Add 'uacce_mode' parameter for ZIP, which can be set as 0(default) or 1.
'0' means ZIP is only registered to kernel crypto, and '1' means it's
registered to both kernel crypto and UACCE.
Kai Ye [Tue, 5 Jan 2021 06:12:03 +0000 (14:12 +0800)]
crypto: hisilicon/qm - SVA bugfixed on Kunpeng920
Kunpeng920 SEC/HPRE/ZIP cannot support running user space SVA and kernel
Crypto at the same time. Therefore, the algorithms should not be registered
to Crypto as user space SVA is enabled.
Jiri Olsa [Mon, 4 Jan 2021 23:02:37 +0000 (00:02 +0100)]
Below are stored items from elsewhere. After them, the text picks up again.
(* Every polymatroid game possesses a pure Nash equilibrium. That is: let $N=\{1,\dots,n\}$ be a finite set of players and $E=\{1,\dots,m\}$ a finite set of resources; for each player $i$ let $f_i:2^E\to\mathbb{N}$ be an integral polymatroid rank function and $d_i\in\mathbb{N}$ with $d_i\le f_i(E)$, and let the strategy set of player $i$ be $X_i=\mathbb{B}_{f_i}(d_i)$; for each $i\in N,e\in E$ let $C_{i,e}:\mathbb{N}\times\mathbb{N}\to\mathbb{R}_+$ be regular, and let the private cost of player $i$ in profile $\vec x=(\vec x_j)_{j\in N}\in X_1\times\dots\times X_n$ be $\pi_i(\vec x)=\sum_{e\in E}C_{i,e}(x_{i,e};x_{-i,e})$ with $x_{-i,e}=\sum_{j\neq i}x_{j,e}$. Then there exists a profile $\vec x$ such that for every $i\in N$ and every $\vec y_i\in X_i$, $\pi_i(\vec x)\le\pi_i(\vec y_i,\vec x_{-i})$.
   Context: $\mathbb{N}=\{0,1,2,\dots\}$. An integral polymatroid rank function is $f:2^E\to\mathbb{N}$ with $f(\emptyset)=0$, monotone ($f(U)\le f(V)$ for $U\subseteq V$) and submodular. $x_i(U)=\sum_{e\in U}x_{i,e}$; $\mathbb{B}_f(d)=\{\vec x\in\mathbb{N}^E: x(U)\le f(U)\ \forall U\subseteq E,\ x(E)=d\}$. For $C:\mathbb{N}\times\mathbb{N}\to\mathbb{R}$, $C^-(x;t)=C(x;t)-C(x-1;t)$ for $x\ge1$; $C$ is regular if $C^-(x;t)\le C^-(x;t+1)$ and $C^-(x;t+1)\le C^-(x+1;t)$ for all $x\ge1$, $t\in\mathbb{N}$. *)

From mathcomp Require Import all_boot all_order all_algebra.
From mathcomp Require Import reals.
Set Implicit Arguments. Unset Strict Implicit. Unset Printing Implicit Defensive.
Import Order.TTheory GRing.Theory Num.Theory.

Definition polymatroid_rank (E : finType) (f : {set E} -> nat) : Prop :=
  [/\ f set0 = 0%N,
      (forall U V : {set E}, U \subset V -> (f U <= f V)%N) &
      (forall U V : {set E}, (f (U :|: V) + f (U :&: V) <= f U + f V)%N)].

Definition xsum (E : finType) (x : E -> nat) (U : {set E}) : nat :=
  (\sum_(e in U) x e)%N.

Definition in_polytope (E : finType) (f : {set E} -> nat) (d : nat)
  (x : E -> nat) : Prop :=
  (forall U : {set E}, (xsum x U <= f U)%N) /\ xsum x [set: E] = d.

Local Open Scope ring_scope.

Definition Cminus (R : ringType) (C : nat -> nat -> R) (x t : nat) : R :=
  C x t - C x.-1 t.

Definition regular (R : numDomainType) (C : nat -> nat -> R) : Prop :=
  forall x t : nat, (1 <= x)%N ->
    Cminus C x t <= Cminus C x t.+1 /\ Cminus C x t.+1 <= Cminus C x.+1 t.

Definition others_load (n m : nat) (x : 'I_n -> 'I_m -> nat) (i : 'I_n)
  (e : 'I_m) : nat := (\sum_(j < n | j != i) x j e)%N.

Definition private_cost (R : ringType) (n m : nat)
  (C : 'I_n -> 'I_m -> nat -> nat -> R) (x : 'I_n -> 'I_m -> nat) (i : 'I_n) : R :=
  \sum_(e < m) C i e (x i e) (others_load x i e).

Definition deviate (n m : nat) (x : 'I_n -> 'I_m -> nat) (i : 'I_n)
  (y : 'I_m -> nat) : 'I_n -> 'I_m -> nat :=
  fun j => if j == i then y else x j.

From mathcomp Require Import all_boot all_order all_algebra.
From mathcomp Require Import reals.
From mathcomp Require Import zify lra.
From Stdlib Require Import Classical.
Import Order.TTheory GRing.Theory Num.Theory.
Set Implicit Arguments. Unset Strict Implicit. Unset Printing Implicit Defensive.

(* Against fixed loads T of the others, a player minimises the separable cost
   sum_e C_e(y_e; T_e), whose marginal costs are nondecreasing by regularity, over
   the integral base polytope B_f(d); by the exchange property of B_f(d), a
   strategy is optimal as soon as no single-unit exchange improves it.
   Equilibria are built by induction on the total demand.  Give one player of an
   equilibrium one more unit, placed greedily; the resource h receiving it is now
   the only disturbance, and every player remains a best response to the others'
   loads with one unit removed from h.  Hence a player that is not a best response
   repairs itself by moving a single unit from h to some g, after which the same
   holds with g in place of h.  The load profile stays fixed up to the position of
   that unit, so units can be priced by numbers depending only on the player, the
   resource and the unit's index, and each move replaces a unit by a strictly
   cheaper one: the sum of the ranks of the held units decreases, and the repair
   terminates in an equilibrium. *)

Definition add_unit (T : eqType) (y : T -> nat) (b : T) : T -> nat :=
  fun e => (y e + (e == b))%N.
Definition sub_unit (T : eqType) (y : T -> nat) (a : T) : T -> nat :=
  fun e => (y e - (e == a))%N.
Definition move_unit (T : eqType) (y : T -> nat) (a b : T) : T -> nat :=
  add_unit (sub_unit y a) b.

Lemma big_move_unit (V : Type) (idx : V) (op : Monoid.com_law idx) (E : finType)
    (phi : E -> nat -> V) (y : E -> nat) a b : a != b -> (0 < y a)%N ->
  op (op (\big[op/idx]_e phi e (move_unit y a b e)) (phi a (y a))) (phi b (y b)) =
  op (op (\big[op/idx]_e phi e (y e)) (phi a (y a).-1)) (phi b (y b).+1).
Proof.
move=> ab ya; rewrite (bigD1 a) // (bigD1 b) 1?eq_sym //= [in RHS](bigD1 a) //.
rewrite [in RHS](bigD1 b) 1?eq_sym //=.
rewrite (eq_bigr (fun e => phi e (y e))) => [|e /andP[ea eb]]; last first.
  by rewrite /move_unit /add_unit /sub_unit (negbTE ea) (negbTE eb) subn0 addn0.
rewrite /move_unit /add_unit /sub_unit !eqxx (negbTE ab) eq_sym (negbTE ab).
by rewrite subn0 subn1 addn0 addn1 !Monoid.mulmA [LHS](ACl (4*5*3*1*2)).
Qed.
crypto: bcm - Rename struct device_private to bcm_device_private
Renaming 'struct device_private' to 'struct bcm_device_private',
because it clashes with 'struct device_private' from
'drivers/base/base.h'.
While it's not a functional problem, it's causing two distinct
type hierarchies in BTF data. It also breaks build with options:
CONFIG_DEBUG_INFO_BTF=y
CONFIG_CRYPTO_DEV_BCM_SPU=y
Wojciech Ziemba [Mon, 4 Jan 2021 16:55:46 +0000 (16:55 +0000)]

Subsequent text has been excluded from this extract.